Matsumoto disagreed, calculating losses of $2.99 million on one count of securities fraud, $3.4 million on the other and $4 million on the count of securities-fraud conspiracy. She cited the Second Circuit, which “repeatedly has held that loss in fraud cases includes the amount of property taken, even if all or part has been returned.”

“The evidence also supports the jury’s conclusion that Mr. Shkreli did not manage MSMB Healthcare for the benefit of investors, but instead used it to fund his own personal or unrelated professional debts and to support the development of Retrophin,” Matsumoto wrote.

Friday’s hearing was Shkreli’s first court appearance since he was taken into custody in September after offering a bounty for a lock of Hillary Clinton’s hair. Sporting a trim beard, slate-blue prison garb and dark-rimmed glasses, Shkreli smiled throughout the hearing and made other mocking expressions that helped earn him the nickname “pharma bro” on the road to trial.

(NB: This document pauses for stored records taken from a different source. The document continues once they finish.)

Lemma weight_integrable_posify (w : R -> R) (a b : R) : a < b -> weight w ->
  mu.-integrable `[a, b] (EFin \o posify w).
Proof.
move=> ab [[mw _ wloc] _].
have iw : mu.-integrable `[a, b] (EFin \o w).
  apply/integrableP; split.
    by apply/measurable_EFinP; exact: measurable_funTS.
  exact: wloc (@subsetT _ _) (@segment_compact _ a b).
have inw : mu.-integrable `[a, b] (EFin \o (fun x => `|w x| + 1)).
  exact: integrableJD (integrable_norm iw) (integrableJ_cst ab 1).
apply: le_integrable inw.
- exact: measurable_itv.
- by apply/measurable_EFinP; apply: measurable_funTS; exact: measurable_posify.
- move=> x _ /=; rewrite lee_fin [leRHS]ger0_norm ?addr_ge0// /posify.
  by case: ifP => [w0|_]; rewrite ?normr1 ?lerDl ?lerDr.
Qed.

End positive_representative.

Section truncation.
Context {R : realType}.
Local Notation mu := (@lebesgue_measure R).
Variables (a b : R) (n : nat) (p : R -> R).
Hypotheses (ab : a < b) (n_gt0 : (0 < n)%N) (mp : measurable_fun setT p)
  (p_gt0 : forall x, 0 < p x) (ip : mu.-integrable `[a, b] (EFin \o p)).
Local Notation integrableJ f := (mu.-integrable `[a, b] (EFin \o f)).
Local Notation v := (trunc n p).

Let N : R := n%:R.
Let s : R := N^-1.
Let m : R := ravg a b v.
Let M : R := ravg a b p.

Let N_gt0 : 0 < N. Proof. by rewrite ltr0n. Qed.

Let s_gt0 : 0 < s. Proof. by rewrite invr_gt0. Qed.

Let s_le_N : s <= N.
Proof. by rewrite (@le_trans _ _ 1) ?invf_le1 ?ler1n. Qed.

Let v_bounds x : s <= v x <= N. Proof. exact: clamp_bounds. Qed.

Let v_gt0 x : 0 < v x.
Proof. by case/andP: (v_bounds x) => sv _; exact: lt_le_trans sv. Qed.

Let mv : measurable_fun setT v. Proof. exact: measurable_trunc. Qed.

Let iv : integrableJ v.
Proof.
apply: (bounded_integrable ab (C := N)); first exact: measurable_funTS.
by move=> x _; case/andP: (v_bounds x) => _; rewrite ger0_norm// ltW.
Qed.

Let m_bounds : s <= m <= N.
Proof.
rewrite -{1}(ravg_cst ab s) -(ravg_cst ab N) !ravg_le ?integrableJ_cst//.
- by move=> x _; case/andP: (v_bounds x).
- by move=> x _; case/andP: (v_bounds x).
Qed.

Let m_gt0 : 0 < m.
Proof. by case/andP: m_bounds => sm _; exact: lt_le_trans sm. Qed.

Let M_gt0 : 0 < M. Proof. exact: ravg_gt0. Qed.

Let ln_v_bound x : `|ln (v x)| <= ln N.
Proof.
have [sv vN] := andP (v_bounds x).
by rewrite ler_norml -lnV ?posrE// -/s !ler_ln ?posrE// sv vN.
Qed.

Let ilv : integrableJ (fun x => ln (v x)).
Proof.
apply: (bounded_integrable ab (C := ln N)) => [|x _]; last exact: ln_v_bound.
by apply: measurable_funTS; exact: measurableT_comp.
Qed.

Lemma ainf_avg_trunc_le : (ainf_avg v a b <= ainf_avg p a b)%E.
Proof.
pose K := m / M - 1 + (ln M - ln m).
have lnp_le x : ln (p x) <= ln (v x) + (p x - v x) / M + K.
  apply: ainf_pointwise_bound => //.
  exact: (@clamp_sign _ (fun y => y) _ _ (p x) _ s_le_N m_bounds).
have ipv : integrableJ (fun x => (p x - v x) / M).
  exact: integrableJZr (integrableJB ip iv).
have avg_G : ravg a b (fun x => ln (v x) + (p x - v x) / M + K) =
             ravg a b (fun x => ln (v x)) + (ln M - ln m).
  rewrite (ravgD (integrableJD ilv ipv) (integrableJ_cst ab K)) ravg_cst//.
  rewrite (ravgD ilv ipv) (ravgZr _ (integrableJB ip iv)) (ravgB ip iv).
  rewrite -/m -/M /K.
  by field; rewrite gt_eqF.
have avg_lnp : (avg (fun x => ln (p x)) a b <=
                (ravg a b (fun x => ln (v x)) + (ln M - ln m))%:E)%E.
  rewrite -avg_G; apply: (avg_le_ravg ab) => [||x _]; last exact: lnp_le.
  - by apply: measurable_funTS; exact: measurableT_comp.
  - exact: integrableJD (integrableJD ilv ipv) (integrableJ_cst ab K).
rewrite /ainf_avg (avgE iv) (avgE ilv) (avgE ip) -/m -/M.
have exp_le : (expeR (- (ravg a b (fun x => ln (v x)) + (ln M - ln m))%:E) <=
               expeR (- avg (fun x => ln (p x)) a b))%E.
  by rewrite lee_expeR leeN2.
have M_ge0 : (0 <= M%:E)%E by rewrite lee_fin ltW.
apply: le_trans; last exact: lee_wpmul2l M_ge0 _ _ exp_le.
rewrite -!EFinN /= -!EFinM lee_fin opprD expRD opprB expRB !lnK ?posrE// mulrCA.
by rewrite [M * (m / M)]mulrC divfK ?gt_eqF// mulrC lexx.
Qed.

Before his 2015 indictment, Shkreli had gained notoriety for jacking up the price of life-saving AIDS drug Daraprim by 5,000 percent.

Matsumoto’s 96-page opinion Monday recaps much of the evidence presented at Shkreli’s trial and says that Shkreli and Retrophin’s outside counsel, Evan Greebel, had conspired to control trading of shares.

Though Greebel was convicted just after Christmas of two counts of conspiracy, allegations of juror misconduct have set the stage for a possible mistrial.

The government declined to comment on Matsumoto’s ruling Monday.

With Shkreli set to be sentenced on March 9, his defense team must submit their recommendations by Feb. 27. The government will have until March 5 to respond.